::: Data for this task :::

Lemma Ik_Posz N x : Ik (Posz N) x = Ipos N x. Proof. by []. Qed.
Lemma Ik_Negz N x : Ik (Negz N) x = Ineg N.+1 x. Proof. by []. Qed.

Lemma IposD a b : Ipos (a + b) =
  prodI ([seq sg (Posz j) J | j <- iota 0 a] ++ [seq sg (Posz (a + j)) J | j <- iota 0 b]).
Proof. by rewrite /Ipos iotaD add0n map_cat (@map_iota_addn _ _ a). Qed.

Lemma InegD a b : Ineg (a + b) =
  prodI ([seq sg (- Posz j.+1) H | j <- iota 0 a] ++
         [seq sg (- Posz (a + j).+1) H | j <- iota 0 b]).
Proof. by rewrite /Ineg iotaD add0n map_cat (@map_iota_addn _ _ a). Qed.

Lemma IkM_pos_neg p q a b : Ipos p a -> Ineg q.+1 b ->
  Ik (Posz p + Negz q) (a * sp p b).
Proof.
move=> Ja Hb; case: (leqP q.+1 p) => hqp.
  have -> : Posz p + Negz q = Posz (p - q.+1) by rewrite NegzE; lia.
  rewrite Ik_Posz mulrC; apply: prodI_mull.
  apply: (@prodI_catl _ _ [seq sg (Posz (p - q.+1 + j)) J | j <- iota 0 q.+1]).
  by rewrite -IposD subnK.
have -> : Posz p + Negz q = Negz (q - p) by rewrite NegzE; lia.
rewrite Ik_Negz; apply: prodI_mull; move: Hb.
have -> : q.+1 = (p + (q - p).+1)%N by lia.
rewrite InegD => /(sigpow_prodI p); rewrite map_cat => /prodI_catr.
rewrite -map_comp; apply: prodI_mapS => j x /= /simgD.
by have -> : Posz p - Posz (p + j).+1 = - Posz j.+1 by lia.
Qed.

Lemma IkM_neg_pos p q a b : Ineg p.+1 a -> Ipos q b ->
  Ik (Negz p + Posz q) (a * sp (Negz p) b).
Proof.
move=> Ha Jb; case: (leqP p.+1 q) => hpq.
  have -> : Negz p + Posz q = Posz (q - p.+1) by rewrite NegzE; lia.
  rewrite Ik_Posz; apply: prodI_mull; move: Jb; rewrite -{1}(subnKC hpq) IposD.
  move=> /(sigpow_prodI (Negz p)); rewrite map_cat => /prodI_catr.
  rewrite -map_comp; apply: prodI_mapS => j x /= /simgD.
  by have -> : Negz p + Posz (p.+1 + j) = Posz j by rewrite NegzE; lia.
have -> : Negz p + Posz q = Negz (p - q) by rewrite NegzE; lia.
rewrite Ik_Negz mulrC; apply: prodI_mull.
apply: (@prodI_catl _ _ [seq sg (- Posz ((p - q).+1 + j).+1) H | j <- iota 0 q]).
by rewrite -InegD; have -> : ((p - q).+1 + q = p.+1)%N by lia.
Qed.

Lemma IkM z w a b : Ik z a -> Ik w b -> Ik (z + w) (a * sp z b).
Proof.
case: z => p; case: w => q; rewrite ?Ik_Posz ?Ik_Negz => Ha Hb.
- rewrite IposD; apply: idmul_prodI_cat; apply: idmul_mul => //.
  by apply: (sigpow_prodI_simg (f := Posz)) Hb => j; rewrite PoszD.
- exact: IkM_pos_neg.
- exact: IkM_neg_pos.
- rewrite -addnS -addSn InegD; apply: idmul_prodI_cat; apply: idmul_mul => //.
  apply: (sigpow_prodI_simg (f := fun j => - Posz j.+1)) Hb => j.
  by rewrite NegzE; lia.
Qed.

Variable n : nat.
Hypotheses (n_gt0 : (0 < n)%N) (sigma_n : forall x, iter n sigma x = x).

Lemma sigpow_period (z : int) x : sp (z * n) x = x.
Proof.
move: x; elim/int_ind_addr1: z => [x|z IH x|z IH x]; first by rewrite mul0r.
  by rewrite mulrDl mul1r sigpowD IH; apply: sigma_n.
by rewrite mulrBl mul1r sigpowD IH -[RHS](sigpowK n x) [sp n _]sigma_n.
Qed.

Lemma simg_period a (z : int) X : seteq (sg (a + z * n) X) (sg a X).
Proof. by move=> x; rewrite /simg opprD -mulNr sigpowD sigpow_period. Qed.

Lemma simg_modz a b X : (a %% n = b %% n)%Z -> seteq (sg a X) (sg b X).
Proof.
move=> eab x; rewrite (divz_eq a n) (divz_eq b n) eab addrC.
by rewrite (simg_period _ _ X x) addrC (simg_period _ _ X x).
Qed.

Lemma sigpow_modz z x : sp z x = sp `|(z %% n)%Z|%N x.
Proof.
rewrite gez0_abs ?modz_ge0 -?lt0n // {1}(divz_eq z n) addrC.
by rewrite sigpowD sigpow_period.
Qed.

Lemma Ik_period_sigma (z : int) x : Ik (z * n) x -> Ik (z * n) (sp 1 x).
Proof.
(* sigma rotates the factors of I^(zn) cyclically, since sigma^(zn) = id. *)
have shift (w : int) c X j y : c = j + w * n -> sg c X y -> sg j X y.
  by move=> -> /simg_period.
case E: (z * n) => [N|N].
  case: N E => [//|N] E; rewrite !Ik_Posz => Jx; rewrite -add1n IposD.
  move: Jx; rewrite -addn1 IposD => /(sigpow_prodI 1); rewrite map_cat => /prodI_catC.
  apply: prodI_catS; rewrite -map_comp; apply: prodI_mapS => j y /simgD /=.
    by apply: (shift z); rewrite E; lia.
  by rewrite PoszD.
rewrite !Ik_Negz => Hx; rewrite -addn1 InegD.
move: Hx; rewrite -add1n InegD => /(sigpow_prodI 1).
rewrite map_cat => /prodI_catC; apply: prodI_catS; rewrite -map_comp.
  by apply: prodI_mapS => j y /simgD /=; congr (sg _ H y); lia.
apply: prodI_mapS => j y /simgD /=; apply: (shift (- z)).
by rewrite mulNr E; lia.
Qed.

Lemma Ik_period_sigpow (z i : int) x : Ik (z * n) x -> Ik (z * n) (sp i x).
Proof.
by move=> Ix; rewrite sigpow_modz; elim: `|_|%N => [//|j /Ik_period_sigma].
Qed.

(** * B-modules and weight spaces *)

Variables (M : zmodType) (act : int -> R -> M -> M).
Hypothesis Mmod : is_BR_module sigma sigmainv H J act.

Local Notation W X := (wspace act X).

Lemma actDl z a b v : Ik z a -> Ik z b -> act z (a + b) v = act z a v + act z b v.
Proof. by case: Mmod => + _ _ _; apply. Qed.

Lemma actDr z a v w : Ik z a -> act z a (v + w) = act z a v + act z a w.
Proof. by case: Mmod => _ + _ _; apply. Qed.

Lemma act1 v : act 0 1 v = v.
Proof. by case: Mmod => _ _ + _; apply. Qed.

Lemma act_comp z l a b v : Ik z a -> Ik l b ->
  act z a (act l b v) = act (z + l) (a * sp z b) v.
Proof. by case: Mmod => _ _ _; apply. Qed.

Lemma act0_comp a b v : act 0 a (act 0 b v) = act 0 (a * b) v.
Proof. by rewrite act_comp // add0r. Qed.

Lemma actr0 z a : Ik z a -> act z a 0 = 0.
Proof. by move=> Ia; apply: (addrI (act z a 0)); rewrite -actDr // !addr0. Qed.

Lemma actrN z a v : Ik z a -> act z a (- v) = - act z a v.
Proof. by move=> Ia; apply/eqP; rewrite -addr_eq0 -actDr // addNr actr0. Qed.

Lemma wspace_seteq X Y v : seteq X Y -> W X v <-> W Y v.
Proof. by move=> eXY; split => Wv a /eXY; apply: Wv. Qed.

Lemma wspace0 X : W X 0.
Proof. by move=> a _; apply: actr0. Qed.

Lemma wspaceD X v w : W X v -> W X w -> W X (v + w).
Proof. by move=> Wv Ww a Xa; rewrite actDr // Wv // Ww // addr0. Qed.

Lemma wspaceN X v : W X v -> W X (- v).
Proof. by move=> Wv a Xa; rewrite actrN // Wv // oppr0. Qed.

Lemma wspace_act0 X a v : W X v -> W X (act 0 a v).
Proof. by move=> Wv b Xb; rewrite act0_comp mulrC -act0_comp Wv // actr0. Qed.

Lemma wspace_act X z a v : W X v -> Ik z a -> W (sg z X) (act z a v).
Proof.
move=> Wv Ia r Xr; rewrite act_comp // add0r [sp 0 a]/= mulrC.
have <- : act z a (act 0 (sp (- z) r) v) = act z (a * r) v.
  by rewrite act_comp // addr0 sigpowK.
by rewrite Wv // actr0.
Qed.

Lemma wspace_act_simg X c z a v : W (sg c X) v -> Ik z a -> W (sg (z + c) X) (act z a v).
Proof. by move=> Wv Ia; apply/(wspace_seteq _ (simgD z c X)); apply: wspace_act. Qed.

Lemma wspace_act_period X c (k : int) a u :
  W (sg c X) u -> Ik (k * n) a -> W (sg c X) (act (k * n) a u).
Proof.
move=> Wu Ia; apply/(wspace_seteq _ (simg_period c k X)).
by rewrite addrC; apply: wspace_act_simg.
Qed.

Lemma act_twist (k j : int) a c v : Ik (k * n) a -> Ik j c ->
  act j c (act (k * n) (sp (- j) a) v) = act (k * n) a (act j c v).
Proof.
move=> Ia Ic; have Ia' := Ik_period_sigpow (- j) Ia.
by rewrite !act_comp // sigpowK sigpow_period addrC [c * _]mulrC.
Qed.

Lemma simple_Lambda_module_seteq (W1 W2 : M -> Prop) : (forall v, W1 v <-> W2 v) ->
  is_simple_Lambda_module sigma sigmainv H J n act W1 ->
  is_simple_Lambda_module sigma sigmainv H J n act W2.
Proof.
move=> eW [[v [W1v v_neq0]] simple]; split; first by exists v; split => //; apply/eW.
move=> S SW S0 SD SN SL; have SW1 v' : S v' -> W1 v' by move/SW/eW.
by case: (simple S SW1 S0 SD SN SL) => [|S_full]; [left|right=> u /eW /S_full].
Qed.

Lemma twisted_iso_seteq i (W1 W2 W1' W2' : M -> Prop) :
  (forall v, W1 v <-> W1' v) -> (forall v, W2 v <-> W2' v) ->
  twisted_iso sigma sigmainv H J n act i W1 W2 ->
  twisted_iso sigma sigmainv H J n act i W1' W2'.
Proof.
move=> e1 e2 [f [f12 fD finj fsurj ftw]]; exists f; split.
- by move=> v /e1 /f12 /e2.
- by move=> v w /e1 W1v /e1 W1w; apply: fD.
- by move=> v w /e1 W1v /e1 W1w; apply: finj.
- by move=> w /e2 /fsurj [v [W1v <-]]; exists v; split => //; apply/e1.
- by move=> k a v Ia /e1; apply: ftw.
Qed.

Definition weight_injective X x := forall v, W X v -> act 0 x v = 0 -> v = 0.

Lemma weight_injective1 X : weight_injective X 1.
Proof. by move=> v _; rewrite act1. Qed.

Lemma weight_injectiveM X x y :
  weight_injective X x -> weight_injective X y -> weight_injective X (x * y).
Proof.
move=> ix iy v Wv; rewrite -act0_comp => /ix xv; apply: iy => //.
by apply: xv; apply: wspace_act0.
Qed.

:::

■ Task item ■
Using the data above, print exactly the lines from the line that contains "Lemma actr0 z a : Ik z a -> act z a 0 = 0." through the line that contains "Proof. by move=> a _; apply: actr0. Qed.", with both included.

■ Response area ■
Lemma actr0 z a : Ik z a -> act z a 0 = 0.
Proof. by move=> Ia; apply: (addrI (act z a 0)); rewrite -actDr // !addr0. Qed.

Lemma actrN z a v : Ik z a -> act z a (- v) = - act z a v.
Proof. by move=> Ia; apply/eqP; rewrite -addr_eq0 -actDr // addNr actr0. Qed.

Lemma wspace_seteq X Y v : seteq X Y -> W X v <-> W Y v.
Proof. by move=> eXY; split => Wv a /eXY; apply: Wv. Qed.

Lemma wspace0 X : W X 0.
Proof. by move=> a _; apply: actr0. Qed.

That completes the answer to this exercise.